**EXERCISE PROMPT:** Copy out the records that appear below, exactly as each one reads.

[Stored data entries]
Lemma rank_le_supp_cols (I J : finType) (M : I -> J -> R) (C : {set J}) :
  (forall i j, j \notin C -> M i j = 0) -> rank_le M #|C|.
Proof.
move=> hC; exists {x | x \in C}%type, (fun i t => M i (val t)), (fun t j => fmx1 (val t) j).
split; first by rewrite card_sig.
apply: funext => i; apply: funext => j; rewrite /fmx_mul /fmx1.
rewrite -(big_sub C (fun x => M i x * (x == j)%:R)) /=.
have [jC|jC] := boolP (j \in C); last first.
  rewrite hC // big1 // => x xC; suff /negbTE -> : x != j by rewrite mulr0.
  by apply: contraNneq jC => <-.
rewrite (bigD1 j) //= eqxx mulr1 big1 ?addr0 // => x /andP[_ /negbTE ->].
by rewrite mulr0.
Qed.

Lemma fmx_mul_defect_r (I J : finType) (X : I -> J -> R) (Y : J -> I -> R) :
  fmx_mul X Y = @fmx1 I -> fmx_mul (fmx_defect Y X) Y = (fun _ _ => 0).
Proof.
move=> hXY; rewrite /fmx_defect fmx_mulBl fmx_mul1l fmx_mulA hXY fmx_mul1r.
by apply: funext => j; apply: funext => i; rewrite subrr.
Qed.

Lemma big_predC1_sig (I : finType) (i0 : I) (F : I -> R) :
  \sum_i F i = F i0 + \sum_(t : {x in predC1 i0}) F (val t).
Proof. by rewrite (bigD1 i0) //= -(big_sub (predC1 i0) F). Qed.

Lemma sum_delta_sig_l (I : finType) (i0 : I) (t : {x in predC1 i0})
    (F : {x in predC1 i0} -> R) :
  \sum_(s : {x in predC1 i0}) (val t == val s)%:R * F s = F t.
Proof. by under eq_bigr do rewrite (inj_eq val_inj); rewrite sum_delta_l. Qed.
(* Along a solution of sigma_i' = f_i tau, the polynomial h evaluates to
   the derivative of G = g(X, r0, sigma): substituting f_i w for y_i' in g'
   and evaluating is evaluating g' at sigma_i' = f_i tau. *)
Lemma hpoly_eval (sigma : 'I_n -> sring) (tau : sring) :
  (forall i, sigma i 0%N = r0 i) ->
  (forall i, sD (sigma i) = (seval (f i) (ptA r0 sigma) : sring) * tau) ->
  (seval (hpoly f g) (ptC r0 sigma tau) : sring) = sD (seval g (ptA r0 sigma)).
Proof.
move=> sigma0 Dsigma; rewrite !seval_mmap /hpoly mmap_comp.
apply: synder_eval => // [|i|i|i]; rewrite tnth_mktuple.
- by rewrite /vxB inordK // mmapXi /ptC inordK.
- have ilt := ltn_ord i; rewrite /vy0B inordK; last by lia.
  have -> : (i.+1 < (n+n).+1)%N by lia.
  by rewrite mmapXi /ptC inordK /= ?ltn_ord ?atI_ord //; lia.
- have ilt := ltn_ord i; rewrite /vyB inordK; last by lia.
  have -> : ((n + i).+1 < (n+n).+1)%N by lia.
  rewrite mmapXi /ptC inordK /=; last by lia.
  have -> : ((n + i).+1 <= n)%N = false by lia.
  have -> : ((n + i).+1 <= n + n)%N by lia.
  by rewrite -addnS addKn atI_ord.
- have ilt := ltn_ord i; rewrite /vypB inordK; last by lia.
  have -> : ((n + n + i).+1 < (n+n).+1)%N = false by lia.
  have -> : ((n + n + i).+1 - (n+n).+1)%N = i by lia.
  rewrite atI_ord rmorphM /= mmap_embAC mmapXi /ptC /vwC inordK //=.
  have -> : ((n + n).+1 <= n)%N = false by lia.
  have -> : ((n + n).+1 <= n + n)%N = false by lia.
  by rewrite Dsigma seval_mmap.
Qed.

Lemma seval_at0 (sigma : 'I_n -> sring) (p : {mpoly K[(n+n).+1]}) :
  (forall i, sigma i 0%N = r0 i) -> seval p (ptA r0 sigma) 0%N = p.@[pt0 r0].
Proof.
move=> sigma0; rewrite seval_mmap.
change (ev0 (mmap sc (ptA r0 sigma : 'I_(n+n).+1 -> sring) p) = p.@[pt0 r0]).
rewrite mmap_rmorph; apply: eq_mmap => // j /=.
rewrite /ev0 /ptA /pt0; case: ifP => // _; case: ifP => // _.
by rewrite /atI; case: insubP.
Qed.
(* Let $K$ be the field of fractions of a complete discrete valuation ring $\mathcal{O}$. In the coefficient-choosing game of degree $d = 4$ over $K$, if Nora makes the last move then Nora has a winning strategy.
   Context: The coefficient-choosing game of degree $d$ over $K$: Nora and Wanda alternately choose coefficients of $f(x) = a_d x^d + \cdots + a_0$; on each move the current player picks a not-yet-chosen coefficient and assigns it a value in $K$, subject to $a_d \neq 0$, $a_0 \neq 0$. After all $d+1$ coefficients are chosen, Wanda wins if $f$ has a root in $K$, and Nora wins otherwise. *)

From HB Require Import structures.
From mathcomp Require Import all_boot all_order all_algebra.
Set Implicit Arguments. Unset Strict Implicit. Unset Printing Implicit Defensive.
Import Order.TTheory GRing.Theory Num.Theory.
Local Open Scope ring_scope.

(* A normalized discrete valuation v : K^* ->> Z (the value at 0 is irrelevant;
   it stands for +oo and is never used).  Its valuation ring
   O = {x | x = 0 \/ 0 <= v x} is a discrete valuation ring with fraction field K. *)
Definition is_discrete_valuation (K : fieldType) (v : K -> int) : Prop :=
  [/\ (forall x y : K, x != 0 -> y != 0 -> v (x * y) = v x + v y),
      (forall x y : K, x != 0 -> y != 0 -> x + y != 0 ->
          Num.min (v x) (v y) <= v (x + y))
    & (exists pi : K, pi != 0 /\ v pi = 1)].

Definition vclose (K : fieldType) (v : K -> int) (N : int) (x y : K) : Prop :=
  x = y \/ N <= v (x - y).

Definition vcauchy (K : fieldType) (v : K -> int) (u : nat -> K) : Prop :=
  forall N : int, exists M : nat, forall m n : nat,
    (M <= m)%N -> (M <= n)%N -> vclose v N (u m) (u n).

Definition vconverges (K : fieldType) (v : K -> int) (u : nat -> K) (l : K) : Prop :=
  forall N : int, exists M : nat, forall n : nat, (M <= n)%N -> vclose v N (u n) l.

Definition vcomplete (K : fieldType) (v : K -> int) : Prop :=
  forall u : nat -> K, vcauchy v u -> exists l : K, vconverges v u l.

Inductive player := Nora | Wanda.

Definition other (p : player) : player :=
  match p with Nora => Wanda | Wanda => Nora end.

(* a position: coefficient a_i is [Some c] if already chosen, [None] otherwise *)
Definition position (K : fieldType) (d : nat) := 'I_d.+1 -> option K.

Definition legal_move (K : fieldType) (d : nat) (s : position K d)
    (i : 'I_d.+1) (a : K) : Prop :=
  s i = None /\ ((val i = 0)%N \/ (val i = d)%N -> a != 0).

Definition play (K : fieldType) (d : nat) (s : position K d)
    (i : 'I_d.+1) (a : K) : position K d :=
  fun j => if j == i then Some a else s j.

**SOLUTION FOR THIS EXERCISE:**
Lemma rank_le_supp_cols (I J : finType) (M : I -> J -> R) (C : {set J}) :
  (forall i j, j \notin C -> M i j = 0) -> rank_le M #|C|.
Proof.
move=> hC; exists {x | x \in C}%type, (fun i t => M i (val t)), (fun t j => fmx1 (val t) j).
split; first by rewrite card_sig.
apply: funext => i; apply: funext => j; rewrite /fmx_mul /fmx1.
rewrite -(big_sub C (fun x => M i x * (x == j)%:R)) /=.
have [jC|jC] := boolP (j \in C); last first.
  rewrite hC // big1 // => x xC; suff /negbTE -> : x != j by rewrite mulr0.
  by apply: contraNneq jC => <-.
rewrite (bigD1 j) //= eqxx mulr1 big1 ?addr0 // => x /andP[_ /negbTE ->].
by rewrite mulr0.
Qed.

Lemma fmx_mul_defect_r (I J : finType) (X : I -> J -> R) (Y : J -> I -> R) :
  fmx_mul X Y = @fmx1 I -> fmx_mul (fmx_defect Y X) Y = (fun _ _ => 0).
Proof.
move=> hXY; rewrite /fmx_defect fmx_mulBl fmx_mul1l fmx_mulA hXY fmx_mul1r.
by apply: funext => j; apply: funext => i; rewrite subrr.
Qed.

Lemma big_predC1_sig (I : finType) (i0 : I) (F : I -> R) :
  \sum_i F i = F i0 + \sum_(t : {x in predC1 i0}) F (val t).
Proof. by rewrite (bigD1 i0) //= -(big_sub (predC1 i0) F). Qed.

Lemma sum_delta_sig_l (I : finType) (i0 : I) (t : {x in predC1 i0})
    (F : {x in predC1 i0} -> R) :
  \sum_(s : {x in predC1 i0}) (val t == val s)%:R * F s = F t.
Proof. by under eq_bigr do rewrite (inj_eq val_inj); rewrite sum_delta_l. Qed.
(* Along a solution of sigma_i' = f_i tau, the polynomial h evaluates to
   the derivative of G = g(X, r0, sigma): substituting f_i w for y_i' in g'
   and evaluating is evaluating g' at sigma_i' = f_i tau. *)
Lemma hpoly_eval (sigma : 'I_n -> sring) (tau : sring) :
  (forall i, sigma i 0%N = r0 i) ->
  (forall i, sD (sigma i) = (seval (f i) (ptA r0 sigma) : sring) * tau) ->
  (seval (hpoly f g) (ptC r0 sigma tau) : sring) = sD (seval g (ptA r0 sigma)).
Proof.
move=> sigma0 Dsigma; rewrite !seval_mmap /hpoly mmap_comp.
apply: synder_eval => // [|i|i|i]; rewrite tnth_mktuple.
- by rewrite /vxB inordK // mmapXi /ptC inordK.
- have ilt := ltn_ord i; rewrite /vy0B inordK; last by lia.
  have -> : (i.+1 < (n+n).+1)%N by lia.
  by rewrite mmapXi /ptC inordK /= ?ltn_ord ?atI_ord //; lia.
- have ilt := ltn_ord i; rewrite /vyB inordK; last by lia.
  have -> : ((n + i).+1 < (n+n).+1)%N by lia.
  rewrite mmapXi /ptC inordK /=; last by lia.
  have -> : ((n + i).+1 <= n)%N = false by lia.
  have -> : ((n + i).+1 <= n + n)%N by lia.
  by rewrite -addnS addKn atI_ord.
- have ilt := ltn_ord i; rewrite /vypB inordK; last by lia.
  have -> : ((n + n + i).+1 < (n+n).+1)%N = false by lia.
  have -> : ((n + n + i).+1 - (n+n).+1)%N = i by lia.
  rewrite atI_ord rmorphM /= mmap_embAC mmapXi /ptC /vwC inordK //=.
  have -> : ((n + n).+1 <= n)%N = false by lia.
  have -> : ((n + n).+1 <= n + n)%N = false by lia.
  by rewrite Dsigma seval_mmap.
Qed.

Lemma seval_at0 (sigma : 'I_n -> sring) (p : {mpoly K[(n+n).+1]}) :
  (forall i, sigma i 0%N = r0 i) -> seval p (ptA r0 sigma) 0%N = p.@[pt0 r0].
Proof.
move=> sigma0; rewrite seval_mmap.
change (ev0 (mmap sc (ptA r0 sigma : 'I_(n+n).+1 -> sring) p) = p.@[pt0 r0]).
rewrite mmap_rmorph; apply: eq_mmap => // j /=.
rewrite /ev0 /ptA /pt0; case: ifP => // _; case: ifP => // _.
by rewrite /atI; case: insubP.
Qed.
(* Let $K$ be the field of fractions of a complete discrete valuation ring $\mathcal{O}$. In the coefficient-choosing game of degree $d = 4$ over $K$, if Nora makes the last move then Nora has a winning strategy.
   Context: The coefficient-choosing game of degree $d$ over $K$: Nora and Wanda alternately choose coefficients of $f(x) = a_d x^d + \cdots + a_0$; on each move the current player picks a not-yet-chosen coefficient and assigns it a value in $K$, subject to $a_d \neq 0$, $a_0 \neq 0$. After all $d+1$ coefficients are chosen, Wanda wins if $f$ has a root in $K$, and Nora wins otherwise. *)

From HB Require Import structures.
From mathcomp Require Import all_boot all_order all_algebra.
Set Implicit Arguments. Unset Strict Implicit. Unset Printing Implicit Defensive.
Import Order.TTheory GRing.Theory Num.Theory.
Local Open Scope ring_scope.

(* A normalized discrete valuation v : K^* ->> Z (the value at 0 is irrelevant;
   it stands for +oo and is never used).  Its valuation ring
   O = {x | x = 0 \/ 0 <= v x} is a discrete valuation ring with fraction field K. *)
Definition is_discrete_valuation (K : fieldType) (v : K -> int) : Prop :=
  [/\ (forall x y : K, x != 0 -> y != 0 -> v (x * y) = v x + v y),
      (forall x y : K, x != 0 -> y != 0 -> x + y != 0 ->
          Num.min (v x) (v y) <= v (x + y))
    & (exists pi : K, pi != 0 /\ v pi = 1)].

Definition vclose (K : fieldType) (v : K -> int) (N : int) (x y : K) : Prop :=
  x = y \/ N <= v (x - y).

Definition vcauchy (K : fieldType) (v : K -> int) (u : nat -> K) : Prop :=
  forall N : int, exists M : nat, forall m n : nat,
    (M <= m)%N -> (M <= n)%N -> vclose v N (u m) (u n).

Definition vconverges (K : fieldType) (v : K -> int) (u : nat -> K) (l : K) : Prop :=
  forall N : int, exists M : nat, forall n : nat, (M <= n)%N -> vclose v N (u n) l.

Definition vcomplete (K : fieldType) (v : K -> int) : Prop :=
  forall u : nat -> K, vcauchy v u -> exists l : K, vconverges v u l.

Inductive player := Nora | Wanda.

Definition other (p : player) : player :=
  match p with Nora => Wanda | Wanda => Nora end.

(* a position: coefficient a_i is [Some c] if already chosen, [None] otherwise *)
Definition position (K : fieldType) (d : nat) := 'I_d.+1 -> option K.

Definition legal_move (K : fieldType) (d : nat) (s : position K d)
    (i : 'I_d.+1) (a : K) : Prop :=
  s i = None /\ ((val i = 0)%N \/ (val i = d)%N -> a != 0).

Definition play (K : fieldType) (d : nat) (s : position K d)
    (i : 'I_d.+1) (a : K) : position K d :=
  fun j => if j == i then Some a else s j.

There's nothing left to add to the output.